90. Environmental Protection Agency (EPA) Regulations for Human Subject Research
Federal Regulations for EPA Research Involving Human Participants
The EPA adopted the Common Rule under 40 CFR 26 A Protection of Subjects in Human Research Conducted or Supported by EPA.
EPA Subparts B, C, D, K, L, M, and Q describe prohibitions involving the intentional exposure of a pregnant or nursing woman or child in research conducted or supported by EPA; prohibitions of relying on the results of said research; and criteria and procedures for the EPA to rely on otherwise unacceptable data. See the specific subparts listed below for details.
Subpart B §26.201-203: Prohibition of Research Conducted or Supported by EPA Involving Intentional Exposure of Human Subjects Who Are Children or Pregnant or Nursing Women
Subpart C §26.301-305: Observational Research: Additional Protections for Pregnant Women and Fetuses Involved as Subjects in Observational Research Conducted or Supported by EPA
Subpart D §26.401-406: Observational Research: Additional Protections for Children Involved as Subjects in Observational Research Conducted or Supported by EPA
Subpart K §26.1101-1125: Basic Ethical Requirements for Third-party Human Research for Pesticides Involving Intentional Exposure of Non-pregnant, Non-nursing Adults
Subpart L §26.1201-1203: Prohibition of Third-party Research Involving Intentional Exposure to a Pesticide of Human Subjects Who Are Children or Pregnant or Nursing Women
Subpart M §26.1301-1303: Requirements for Submission of Information on the Ethical Conduct of Completed Human Research
Subpart Q §26.1701-1706: Standards for Assessing Whether to Rely on the Results of Human Research in EPA Actions
The University IRB requires a supplemental EPA application for investigators planning to conduct research invoking EPA regulations. Supplemental applications are necessary for the IRB to verify that investigators have addressed the IRB-relevant elements in the EPA regulations.

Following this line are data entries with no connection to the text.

(* Let the user types be drawn from a distribution $\mathcal D_U$ and the creator types from a distribution $\mathcal D_C$ (arbitrary distributions on non-negative unit vectors of $\mathbb R^D$), and let $\epsilon:=\Pr(\mathrm{LTE}(\mathbf{FL})=0)$. For any values of $U,C,K,D,\bar e,\bar a$ with $C\ge K$, $U\ge\bar a$ and $\epsilon<1$, $$\mathbb E\left[\frac{\mathrm{LTE}(\mathbf{UC})}{\mathrm{LTE}(\mathbf{FL})}\,\middle|\,\mathrm{LTE}(\mathbf{FL})>0\right]\le\frac{1}{1-\epsilon}\Pr\left(\text{at least }K\text{ creators stay after }t=0\text{ under }UC_0\right),$$ where ''at least $K$ creators stay after $t=0$ under $UC_0$'' means $|\mathcal C_1|\ge K$ when the user-centric recommendation $UC_0$ is used at $t=0$.
   Context: An instance consists of a dimension $D$, users $\mathcal U_0=\{1,\dots,U\}$ with types $u_i\in\mathbb R^D_{\ge0}$, creators $\mathcal C_0=\{1,\dots,C\}$ with types $c_j\in\mathbb R^D_{\ge 0}$, all of Euclidean norm $1$, a positive integer $K$, a creator threshold $\bar a\in\mathbb N_0$ and a user threshold $\bar e\in[0,1]$. At time $t=0,1,\dots$ the platform has sets $\mathcal U_t,\mathcal C_t$ and chooses $R_t$ assigning each $i\in\mathcal U_t$ a set $R_t(i)\subseteq\mathcal C_t$ of size $K$ (smaller only if necessary). Engagement $E(\mathcal U,\mathcal C,R)=\sum_{i\in\mathcal U}\sum_{j\in R(i)}u_i^Tc_j$. Then $\mathcal U_{t+1}=\{i\in\mathcal U_t:|R_t(i)|=K,\ u_i^Tc_j\ge\bar e\ \forall j\in R_t(i)\}$, $\mathcal C_{t+1}=\{j\in\mathcal C_t:|\{i\in\mathcal U_t:j\in R_t(i)\}|\ge\bar a\}$. $\mathrm{LTE}(\mathbf R)=\lim_{T\to\infty}\frac1T\sum_{t<T}E(\mathcal U_t,\mathcal C_t,R_t)$. $\mathbf{FL}$ is any sequence maximizing $\mathrm{LTE}$; $\mathbf{UC}$ is the sequence with $UC_t(i)\in\arg\max_{S\subseteq\mathcal C_t,|S|\le K}\sum_{j\in S}u_i^Tc_j$. *)

From mathcomp Require Import all_boot all_order all_algebra.
From mathcomp Require Import all_classical all_reals all_analysis.

Set Implicit Arguments.
Unset Strict Implicit.
Unset Printing Implicit Defensive.

Import Order.TTheory GRing.Theory Num.Theory.
Import numFieldNormedType.Exports.
Local Open Scope ring_scope.
Local Open Scope classical_set_scope.

Definition dotp {R : realType} {D : nat} (u c : D.-tuple R) : R :=
  \sum_(k < D) tnth u k * tnth c k.

Definition nonneg_unit {R : realType} {D : nat} : set (D.-tuple R) :=
  [set v | (forall k : 'I_D, 0 <= tnth v k) /\ \sum_(k < D) tnth v k ^+ 2 = 1].

Definition recom (U C : nat) := 'I_U -> {set 'I_C}.
Definition state (U C : nat) := ({set 'I_U} * {set 'I_C})%type.

Definition init_state (U C : nat) : state U C := ([set: 'I_U]%SET, [set: 'I_C]%SET).

Definition valid_recom (U C K : nat) (s : state U C) (r : recom U C) : Prop :=
  forall i, i \in s.1 -> r i \subset s.2 /\ #|r i| = minn K #|s.2|.

Section Dyn.
Variables (R : realType) (D U C K abar : nat) (ebar : R).
Variables (ut : 'I_U -> D.-tuple R) (ct : 'I_C -> D.-tuple R).

Definition engagement (s : state U C) (r : recom U C) : R :=
  \sum_(i in s.1) \sum_(j in r i) dotp (ut i) (ct j).

Definition step (s : state U C) (r : recom U C) : state U C :=
  ([set i in s.1 | (#|r i| == K) && [forall j in r i, ebar <= dotp (ut i) (ct j)]],
   [set j in s.2 | (abar <= #|[set i in s.1 | j \in r i]|)%N]).

Fixpoint traj (rs : nat -> recom U C) (t : nat) : state U C :=
  match t with
  | 0 => init_state U C
  | t'.+1 => step (traj rs t') (rs t')
  end.

Definition valid_seq (rs : nat -> recom U C) : Prop :=
  forall t, valid_recom K (traj rs t) (rs t).

Definition avg_eng (rs : nat -> recom U C) (T : nat) : R :=
  T%:R^-1 * \sum_(t < T) engagement (traj rs t) (rs t).

Definition LTE (rs : nat -> recom U C) : R := limn (avg_eng rs).

Definition achievable_LTE : set R :=
  [set l | exists rs, valid_seq rs /\ avg_eng rs @ \oo --> l].

Definition LTE_FL : R := sup achievable_LTE.

Definition uc_opt (s : state U C) (i : 'I_U) (S : {set 'I_C}) : bool :=
  [&& S \subset s.2, #|S| == minn K #|s.2| &
      [forall S' : {set 'I_C}, (S' \subset s.2) && (#|S'| <= K)%N ==>
         (\sum_(j in S') dotp (ut i) (ct j) <= \sum_(j in S) dotp (ut i) (ct j))]].

Definition uc_recom (s : state U C) : recom U C :=
  fun i => odflt (finset.set0 : {set 'I_C}) [pick S | uc_opt s i S].

Fixpoint uc_state (t : nat) : state U C :=
  match t with
  | 0 => init_state U C
  | t'.+1 => step (uc_state t') (uc_recom (uc_state t'))
  end.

In presenting the protocol to the IRB, the primary reviewer will address the additional EPA regulatory requirements.
Pre-award Requirements for EPA Approval of Contracts, Grants, or Other Agreements
All human research studies supported by the EPA must either be approved or be determined to be exempt by the EPA Human Subjects Research Review Official before any contract, grant, or formal agreement involving EPA support is awarded or entered into.
Additional EPA Requirements for IRB Review and Approval
In addition to the Common Rule, University IRBs will comply with the following additional requirements before approving research invoking EPA regulations.
- The IRB will not approve research involving intentional exposure of pregnant women or children to any substance. This includes research not yet submitted to the EPA.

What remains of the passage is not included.